Through His Eyes

London rushes at me. Not like the first time, of course. For I am almost 20 years older and have seen more of the world than I had in 2001 when I first beached up on this shore. Still the grumbling buses, wind whispering down our street, and Saint Paul’s steeple piercing the blue dome of heaven remain a constant. I sank my compass point into London and since then have made wider and wider concentric circles around it, going as far east as Ukraine and as far west as California, both wildly beautiful lands.

My first time here I became the lazy tourist I am. I say I like to let the city come to me, which means: I camp in a sympatico café, sip lattes, and write as I am doing at this moment. Yet this activity is far more temporary today for I have fallen in love with a curious man, an art lover, a man who knows architecture and is bothered by its incongruity here in London.

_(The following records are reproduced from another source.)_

Lemma cube_lipschitzM f g :
  cube_lipschitz f -> cube_lipschitz g -> cube_lipschitz (fun x => f x * g x).
Proof.
move=> Hf Hg r; have [M1 [L1 [M10 L10 H1]]] := Hf r; have [M2 [L2 [M20 L20 H2]]] := Hg r.
exists (M1 * M2), (M1 * L2 + M2 * L1).
split; rewrite ?addr_ge0 ?mulr_ge0 // => x y h h0 rx ry hxy.
have [f1 f2] := H1 x y h h0 rx ry hxy; have [g1 g2] := H2 x y h h0 rx ry hxy.
have yy : cube h (y - y) by move=> i; rewrite subrr mxE normr0.
have [gy _] := H2 y y h h0 ry ry yy.
split; first by rewrite normrM ler_pM.
have -> : f x * g x - f y * g y = f x * (g x - g y) + g y * (f x - f y) by ring.
by rewrite mulrDl -!mulrA (le_trans (ler_normD _ _)) // lerD // normrM ler_pM.
Qed.

Lemma cube_lipschitz_sum (I : Type) (s : seq I) (P : pred I) (F : I -> 'cV[R]_d -> R) :
  (forall i, P i -> cube_lipschitz (F i)) ->
  cube_lipschitz (fun x => \sum_(i <- s | P i) F i x).
Proof.
move=> HF; elim: s => [|i s IH].
  by under eq_fun do rewrite big_nil; exact: cube_lipschitz_cst.
under eq_fun do rewrite big_cons; case: (boolP (P i)) => Pi //.
exact: cube_lipschitzD (HF i Pi) IH.
Qed.

Lemma cube_lipschitz_mulmx m (A : 'M[R]_(m, d)) i :
  cube_lipschitz (fun x => (A *m x) i ord0).
Proof.
under eq_fun do rewrite mxE.
by apply: cube_lipschitz_sum => j _; apply: cube_lipschitzM;
  [exact: cube_lipschitz_cst | exact: cube_lipschitz_coord].
Qed.

End CubeLipschitz.

Lemma cube_lipschitz_dotv (R : realType) d k (F G : 'cV[R]_d -> 'cV[R]_k) :
  (forall i, cube_lipschitz (fun x => F x i ord0)) ->
  (forall i, cube_lipschitz (fun x => G x i ord0)) ->
  cube_lipschitz (fun x => dotv (F x) (G x)).
Proof. by move=> HF HG; apply: cube_lipschitz_sum => i _; apply: cube_lipschitzM. Qed.

Section OuterMeasure.
Variables (R : realType) (d : nat).
Implicit Types S T : set 'cV[R]_d.

Lemma box_vol_ge0 (a b : 'I_d -> R) : 0 <= box_vol a b.
Proof. by apply: prodr_ge0 => i _; rewrite le_max lexx orbT. Qed.

Lemma leb_outer_ge0 S : (0 <= leb_outer S)%E.
Proof.
apply/ereal_infP => _ [a [b [_ ->]]].
by apply: nneseries_ge0 => k _ _; rewrite lee_fin box_vol_ge0.
Qed.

I reminded him yesterday that London suffered the blitz. Much was destroyed and had to be rebuilt, some in that brutal glass and concrete ‘50’s style. All this means we must go out in search of beauty in the form of flying buttresses, places of historical significance, like Churchill’s bunker or John Russell Pope’s classical Tate Britain, complete with the world’s largest collection of Turner. His small painting of the moon on the Thames must be the most beautiful rendering of light refusing to give in to darkness.

My darling’s delight at Westminster Abby helped me to see this ancient church through new eyes. My first visit there in 2001, the summer before the world changed, I went through the church, ho-hum, so I could check it off my list of attractions. Yet yesterday I understood that English history can be learned through Westminster’s tombs, memorials, and altars. A recent grave’s epitaph: here lies what was mortal of Stephen Hawking along with an equation beyond my understanding. And near his grave, Isaac Newton, whose epitaph is the same as Hawking’s.

My love and I found each other late in life. We pack in as much as we can for we know the darkness comes. Still we refuse to give in. Rediscovering London through his eyes is such joy. We are off to savor one more day.